Герб дома Пагани представляет собой щит, в верхней части которого находится серебряное поле, усеянное черными хвостами горностая, а над ними нависает трезубец цвета киновари, а снизу три золотые полосы, чередуемые с тремя другими лазурными, и вокруг всего щита, то есть по краю, французские королевские регалии, повторенные несколько раз, это золотые лилии на лазурном поле с рубиновыми трезубцами и регалии Иерусалимского королевства, золотой крест на серебряном поле, герб который король Людовик II даровал кавалеру Галеотто Пагано и всей его семье

Герб семьи де Паганис

Это семейство происходит [как мы видели из хроники, написанной ad instantia Reina Giovanna] от Альбертино, древнего кавалера де Бертаньи, который, взяв в жены племянницу своего герцога, принял знаки отличия от этого сеньора. Сопровождая Танкреда Норманнского пришел сюда, и построил несколько домов в поместье Ночера, а затем отбросил сарацинов, которые там давно жили, по этой причине он дал название этому месту Пагани, от которого потом его потомки прозывались. […].

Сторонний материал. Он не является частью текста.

(* Fix $\alpha\in[0,1)$. Let $M=(r,q,u)$ be a floor-randomized, left-continuous mechanism satisfying DD. If $M$ is dominated, then there exists a floor-randomized, left-continuous mechanism $M'=(r',q',u')$ satisfying DD that dominates $M$ and satisfies $q'(\theta)r'(\theta)\le q(\theta)r(\theta)$ for all $\theta\in\Theta$.
   Context: Setting. Let $\Theta=[\underline\theta,\overline\theta]$ with $0<\underline\theta<\overline\theta$. Let $c>0$ and let $P:\mathbb R_+\to\mathbb R_+$ be continuous and strictly decreasing with $P(\overline q)=0$ for some $\overline q>0$. Put $V(q)=\int_0^q P(z)\,dz$ and $\mathrm{TS}(\theta,q)=V(q)-c-\theta q$ for $q>0$, $\mathrm{TS}(\theta,0)=0$. Assume (A2): $\mathrm{TS}(\overline\theta,P^{-1}(\overline\theta))>0$. A mechanism is a triple $M=(r,q,u)$ of functions $r:\Theta\to[0,1]$, $q:\Theta\to[0,\overline q]$, $u:\Theta\to\mathbb R$ with $q(\theta)=0$ if and only if $r(\theta)=0$. It is IC if $u(\theta)\ge u(\theta')+(\theta'-\theta)q(\theta')r(\theta')$ for all $\theta,\theta'\in\Theta$, and IR if $u(\theta)\ge 0$ for all $\theta$. (Known fact: $M$ is IC iff $\theta\mapsto q(\theta)r(\theta)$ is nonincreasing and $u(\theta)=u(\overline\theta)+\int_\theta^{\overline\theta}q(z)r(z)\,dz$ for all $\theta$; an IC mechanism is IR iff $u(\overline\theta)\ge0$.) Fix $\alpha\in[0,1)$. The regulator's surplus at $\theta$ is $\mathrm{RS}_\alpha(\theta,M)=r(\theta)\,\mathrm{TS}(\theta,q(\theta))-(1-\alpha)u(\theta)$. An IC and IR mechanism $\tilde M$ dominates an IC and IR mechanism $M$ if $\mathrm{RS}_\alpha(\theta,\tilde M)\ge \mathrm{RS}_\alpha(\theta,M)$ for all $\theta\in\Theta$ with strict inequality for some $\theta$; $M$ is undominated if it is IC, IR and not dominated by any IC and IR mechanism. The quantity floor $\hat q$ is the unique $q>0$ with $V(q)-qP(q)=c$. A mechanism $(r,q,u)$ is floor-randomized if it is IC, IR, $u(\overline\theta)=0$, and $\Theta$ can be partitioned into three pairwise disjoint (possibly empty) intervals $\Theta_1,\Theta_{01},\Theta_0$, with every element of $\Theta_0$ larger than every element of $\Theta_{01}$ and every element of $\Theta_{01}$ larger than every element of $\Theta_1$, such that: $q(\theta)\ge\hat q$ and $r(\theta)=1$ for $\theta\in\Theta_1$; $q(\theta)=\hat q$ and $r(\theta)\in(0,1)$ for $\theta\in\Theta_{01}$; $q(\theta)=r(\theta)=0$ for $\theta\in\Theta_0$. The efficient quantity is $q_e(\theta)=P^{-1}(\theta)$. A mechanism satisfies downward distortion (DD) if $q(\theta)\le q_e(\theta)$ for all $\theta$, with equality at $\theta=\underline\theta$. A mechanism is left continuous if $\theta\mapsto q(\theta)r(\theta)$ is left continuous at every $\theta\in(\underline\theta,\overline\theta]$. *)

From Stdlib Require Import Reals Lra ClassicalEpsilon.
From Coquelicot Require Import Coquelicot.
Open Scope R_scope.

Из рукописи [Il testo della donazione è contenuto nel ms. Brindisi, Bibl. De Leo, B 5, fol. 100v] монастыря Троицы в Венозе следует, что Пагано де Пагани вместе со своей женой Эммой, в 1084 году, будучи правителем Форенцы в Базиликате, подарили этому монастырю две церкви, которые находились на его территории Форенца. Одна нахывадась S. Giovanni di Sala, а другая Santa Costantina, отдав их во владение аббату по имени Беренгарий. От Пагано родилось двое детей – Угоне и Дизиджио.

Угоне в 1117 году, во время понтификата Геласия II, находясь в Иерусалиме вместе с Гоффредо ди Санто Адемаро и другими [которых архиепископ Тирский, описавший эту историю в своей книге, называет nobilissimi и рыцарями] учредил орден тамплиеров, и он был первым великим магистром, что подтверждали Карло Сигонио, Пауло Эмилио, Волатерано и другие». [F. CAMPANILE, L’armi, overo insegne de’ nobili, Napoli, stampato presso i tipi di Tarquinio Longo, 1610, pp. 252-53.].

Кампанила может считаться наиболее важным геральдическим источником по семье Уго де Пагани, поскольку он приводит подробный список основных предков и ближайших потомков Уго. Моираджи также идентифицирует Пагана де Мондидье, одного из основателей ордена, также присутствовавшего на соборе Труа в Пагано, как сына Дизиджио и племянника Уго [CERRINI, La rivoluzione dei Templari, p. 82.]. Этот рыцарь фигурирует в акте пожертвования, сделанном Тьерри Фландрским в 1128 году, и в другом, сделанном вскоре после Собора в Труа. В 1130 году он был назначен сенешалем, и Уго доверил ему управление своими владениями во Франции.

Из Неаполя мы переходим в Палермо, где в 1636 году Антонино д’Амико сочинил оперу Brevis etighta noticia originis Sacrae Domus Templi. Текст, относящийся к основателю ордена Храма, как сообщает Моираджи, был следующим:

«Уго де Паганис и Гоффредо ди Санто Адемаро. Первый итальянец и родом из Ночера, неподалеку от Салерно, а второй французский провинциал, основали Орден тамплиеров Иерусалима при Балдуине II в году MCXVIII» [Ibidem, pp. 63-64.].